--- START ---

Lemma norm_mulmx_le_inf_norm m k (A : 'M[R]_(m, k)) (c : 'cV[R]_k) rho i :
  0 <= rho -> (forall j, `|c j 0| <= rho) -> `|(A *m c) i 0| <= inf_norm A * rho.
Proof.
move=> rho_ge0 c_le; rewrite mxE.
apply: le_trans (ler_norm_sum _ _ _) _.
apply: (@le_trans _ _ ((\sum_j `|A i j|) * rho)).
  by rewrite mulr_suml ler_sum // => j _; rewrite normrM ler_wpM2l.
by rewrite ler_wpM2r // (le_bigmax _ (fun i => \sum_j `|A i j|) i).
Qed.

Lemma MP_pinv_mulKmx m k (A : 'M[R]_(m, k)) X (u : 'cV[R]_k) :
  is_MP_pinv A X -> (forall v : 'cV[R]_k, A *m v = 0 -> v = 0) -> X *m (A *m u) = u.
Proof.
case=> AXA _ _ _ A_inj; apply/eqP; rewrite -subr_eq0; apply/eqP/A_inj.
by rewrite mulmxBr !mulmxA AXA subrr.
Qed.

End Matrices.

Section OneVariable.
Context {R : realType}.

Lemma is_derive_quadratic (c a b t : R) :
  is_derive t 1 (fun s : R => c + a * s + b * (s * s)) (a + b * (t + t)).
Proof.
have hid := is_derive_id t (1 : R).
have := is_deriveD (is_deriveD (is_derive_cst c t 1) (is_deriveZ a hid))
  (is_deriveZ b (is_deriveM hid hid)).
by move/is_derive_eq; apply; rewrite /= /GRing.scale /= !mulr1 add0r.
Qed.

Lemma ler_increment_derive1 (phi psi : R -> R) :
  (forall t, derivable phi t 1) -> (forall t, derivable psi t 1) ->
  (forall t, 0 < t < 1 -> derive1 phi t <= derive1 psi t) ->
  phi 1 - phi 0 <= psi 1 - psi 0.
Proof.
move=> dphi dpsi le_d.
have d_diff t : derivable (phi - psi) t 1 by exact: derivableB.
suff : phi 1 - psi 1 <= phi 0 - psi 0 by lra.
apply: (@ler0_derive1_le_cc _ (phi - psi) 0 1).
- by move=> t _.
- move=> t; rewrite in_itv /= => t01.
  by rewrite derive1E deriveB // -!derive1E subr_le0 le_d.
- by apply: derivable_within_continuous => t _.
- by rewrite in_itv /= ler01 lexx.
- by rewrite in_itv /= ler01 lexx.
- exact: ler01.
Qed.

--- END ---

Starting from the line containing "move=> dphi dpsi le_d." and ending with the final line of the data, reproduce each line exactly as it appears, including no other lines.

- [Answer below]:
move=> dphi dpsi le_d.
have d_diff t : derivable (phi - psi) t 1 by exact: derivableB.
suff : phi 1 - psi 1 <= phi 0 - psi 0 by lra.
apply: (@ler0_derive1_le_cc _ (phi - psi) 0 1).
- by move=> t _.
- move=> t; rewrite in_itv /= => t01.
  by rewrite derive1E deriveB // -!derive1E subr_le0 le_d.
- by apply: derivable_within_continuous => t _.
- by rewrite in_itv /= ler01 lexx.
- by rewrite in_itv /= ler01 lexx.
- exact: ler01.
Qed.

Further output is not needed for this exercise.